Share your dilemmas and get honest opinions from other Mumsnetters.

To do a day out without newborn weeks after birth?

259 replies

honeymelina · 07/10/2025 13:40

There is a big family get together coming soon that my family has been planning for long time. Many relatives will come, there will be food and children playing, all that kind of thing. It is exactly the type of day my DS would love and I would like to go too. With the drive and everything we would be out most of the day, maybe from 10 in the morning until around 4.

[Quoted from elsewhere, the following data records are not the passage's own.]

Lemma incl_left_approx_prodT (O C : lmodType R) (P : O -> Prop) :
  P 0 -> incl_left_approx W P -> incl_left_approx W (fun v : O * C => P v.1).
Proof.
move=> P0 appP X addX g gD gZ.
have [h1 h1E] : exists h1 : {linear O -> X}, forall a, P a -> h1 a = g (a, 0).
  apply: appP => // [a b Pa Pb|r a Pa]; [rewrite -gD // | rewrite -gZ //];
    by congr g; apply: injective_projections; rewrite /= ?addr0 ?scaler0.
have h2L : linear (fun c : C => g (0, c)).
  move=> a c c'.
  have -> : ((0, a *: c + c') : O * C) = a *: (0, c) + (0, c').
    by apply: injective_projections; rewrite /= ?scaler0 ?addr0.
  by rewrite gD ?gZ //= scaler0.
exists ((h1 \o fst) \+ (linear_of _ h2L \o snd)) => -[a c] /= Pa.
rewrite h1E // -gD //=.
by congr g; apply: injective_projections; rewrite /= ?addr0 ?add0r.
Qed.

Lemma incl_left_approx_prod0 (O C : lmodType R) (P : O -> Prop) :
  incl_left_approx W P -> incl_left_approx W (fun v : O * C => P v.1 /\ v.2 = 0).
Proof.
move=> appP X addX g gD gZ.
have [h hE] : exists h : {linear O -> X}, forall a, P a -> h a = g (a, 0).
  apply: appP => // [a b Pa Pb|r a Pa]; [rewrite -gD // | rewrite -gZ //];
    by congr g; apply: injective_projections; rewrite /= ?addr0 ?scaler0.
by exists (h \o fst) => -[a c] /= [Pa ->]; apply: hE.
Qed.

Lemma left_approx_factor (V O X : lmodType R) (P : V -> Prop)
    (e : {linear V -> O}) (u : V -> X) :
  is_submodule P -> incl_left_approx W (img_on P e) -> in_add W X ->
  (forall x y, P x -> P y -> u (x + y) = u x + u y) ->
  (forall a x, P x -> u (a *: x) = a *: u x) ->
  (forall y, P y -> e y = 0 -> u y = 0) ->
  exists h : {linear O -> X}, forall y, P y -> h (e y) = u y.
Proof.
move=> subP appr addX uD uZ uK; have [_ PD PZ] := subP.
have u_fiber y y' : P y -> P y' -> e y = e y' -> u y = u y'.
  move=> Py Py' eyy'; have Pyy' := is_submoduleB subP Py Py'.
  have uyy' : u (y - y') = 0 by apply: uK; rewrite // linearB eyy' subrr.
  by rewrite -[y](subrK y') uD // uyy' add0r.
(* [u] is constant on the fibres of [e] over [P], so evaluating it at any
   chosen preimage is well defined. *)
pose pre (z : O) := epsilon (inhabits 0) (fun y => P y /\ z = e y).
have preE y : P y -> u (pre (e y)) = u y.
  move=> Py; have [Ppre epre] : P (pre (e y)) /\ e y = e (pre (e y)).
    by apply: (epsilon_spec (inhabits 0) (fun x => P x /\ e y = e x)); exists y.
  exact: u_fiber.
have [h hE] : exists h : {linear O -> X}, forall z, img_on P e z -> h z = u (pre z).
  apply: appr => // [_ _ [y Py ->] [y' Py' ->]|a _ [y Py ->]].
  - by rewrite -linearD !preE ?uD //; apply: PD.
  - by rewrite -linearZ !preE ?uZ //; apply: PZ.
by exists h => y Py; rewrite hE ?preE //; exists y.
Qed.

Record retract (VX VY : lmodType R) (X : VX -> Prop) (Y : VY -> Prop)
    (s : {linear VX -> VY}) (r : {linear VY -> VX}) : Prop := Retract {
  retract_s : forall x, X x -> Y (s x);
  retract_r : forall y, Y y -> X (r y);
  retract_rs : forall x, X x -> r (s x) = x }.

Lemma retract_submodule (VX VY : lmodType R) (X : VX -> Prop) (Y : VY -> Prop)
    (s : {linear VX -> VY}) (r : {linear VY -> VX}) :
  retract X Y s r -> is_submodule Y -> is_submodule X.
Proof.
move=> [sXY rYX rsK] [Y0 YD YZ]; split.
- by rewrite -(linear0 r); apply: rYX.
- move=> x x' Xx Xx'; rewrite -(rsK x Xx) -(rsK x' Xx') -linearD.
  by apply/rYX/YD; apply: sXY.
- by move=> a x Xx; rewrite -(rsK x Xx) -linearZ; apply/rYX/YZ/sXY.
Qed.

Lemma left_approx_retract (VX VY O : lmodType R) (X : VX -> Prop) (Y : VY -> Prop)
    (s : {linear VX -> VY}) (r : {linear VY -> VX}) (e : {linear VY -> O}) :
  retract X Y s r -> is_submodule Y -> incl_left_approx W (img_on Y e) ->
  (forall y, Y y -> e y = 0 -> y = 0) -> incl_left_approx W (img_on X (e \o s)).
Proof.
move=> XY subY appr inj Z addZ g gD gZ.
have [X0 _ _] := retract_submodule XY subY.
have [sXY rYX rsK] := XY.
have imgX x : X x -> img_on X (e \o s) (e (s x)) by exists x.
have g0 : g 0 = 0.
  by rewrite -(scale0r (0 : O)) gZ ?scale0r //; exists 0; rewrite //= !linear0.
have [h hE] : exists h : {linear O -> Z}, forall y, Y y -> h (e y) = g (e (s (r y))).
  apply: left_approx_factor => // [y y' Yy Yy'|a y Yy|y Yy /(inj y Yy) ->].
  - by rewrite !linearD gD //; apply/imgX/rYX.
  - by rewrite !linearZ gZ //; apply/imgX/rYX.
  - by rewrite !linear0.
by exists h => _ [x Xx ->]; rewrite /= hE ?rsK //; apply: sXY.
Qed.

Record approx_seq (Ex : nat -> Prop) (V : lmodType R) (P : V -> Prop)
    (O : nat -> lmodType R) (e : {linear V -> O 0%N})
    (f : forall i, {linear O i -> O i.+1}) : Prop := ApproxSeq {
  aps_submodule : is_submodule P;
  aps_add : forall i, in_add W (O i);
  aps_cx0 : forall z, P z -> f 0%N (e z) = 0;
  aps_cx : forall i x, f i.+1 (f i x) = 0;
  aps_approx0 : incl_left_approx W (img_on P e);
  aps_approx : forall i, incl_left_approx W (img (f i));
  aps_inj : forall z, P z -> e z = 0 -> z = 0;
  aps_exact0 : Ex 0%N -> forall y, f 0%N y = 0 -> img_on P e y;
  aps_exact : forall i, Ex i.+1 -> exact_at (f i) (f i.+1) }.

Section ApproxSeqConstructions.
Variables (Ex : nat -> Prop) (V : lmodType R) (P : V -> Prop).
Variables (O : nat -> lmodType R) (e : {linear V -> O 0%N}).
Variable f : forall i, {linear O i -> O i.+1}.
Hypothesis seqP : approx_seq Ex P e f.

Lemma approx_seq_shift :
  approx_seq (O := fun i => O i.+1) (fun i => Ex i.+1) (img (f 0%N)) idfun
    (fun i => f i.+1).
Proof.
have [_ addO _ cx _ app _ _ ex] := seqP.
split=> //.
- exact: is_submodule_img.
- by move=> _ [x ->]; apply: cx.
- apply: (incl_left_approx_ext (app 0%N)) => y.
  by split=> [Iy|[z Iz ->]]; [exists y|].
- by move=> Ex1 y /(ex 0%N Ex1) Iy; exists y.
- by move=> i; apply: ex.
Qed.

Definition at0 (C : lmodType R) (i : nat) : lmodType R :=
  if i is _.+1 then 'rV[R]_0 else C.

Variable C : lmodType R.
Hypothesis addC : in_add W C.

By that time the baby will be around one or two weeks old. I am being induced for medical reasons in next few days so the time is already quite certain, let’s not get into that. I am not really worried about if I can manage physically, my mum will be there and I can sit down if I need, but I think more if it is realistic to leave the newborn at home with DH for that long. He is fine with it but says when baby is here I probably will not want to go.

For feeding I can pump while we are out and also leave some milk already at home, so that part is okay. But I keep thinking maybe it is too soon to be away the whole day. The main thing is I would like to spend some nice time with DS and it’s an important event for my family. I would not take the baby because it is not really the right place, and I cannot just send DS without me.

So AIBU to think I can do it? Has anyone done something similar soon after birth and it was alright?

OP posts:
Blablibladirladada · 08/10/2025 18:49

If DP is good then you can go.

If you are likely to change your mind because you aren’t sure don’t say it to DC and warn everyone it will be a last minute decision depending on baby and all.

Give you the space you’ll need to make a good decision with the least stress.

Good luck!

CommonAsMucklowe · 08/10/2025 18:56

Your newborn baby will be none the wiser for a day, goodness some people making out you have to be with them 24/7 or you're a wrong un' is just ridiculous. They will be dry, fed and contented with dad and your DS get quality time with mum. Don't beat yourself up, go!

Nanof8 · 08/10/2025 19:33

Go with your son, your DH is willing to stay home with the NB. It's not like you will be gone for days, it's just a few hours.
My daughter stayed home with her NB when her DP had events for his side of the family and took their 3yo. He stayed at home with the newborn when she had events to attend.
A lot of people don't like taking NBs out due to all the germs (measle scare) and they are not able to be vaccinated that little.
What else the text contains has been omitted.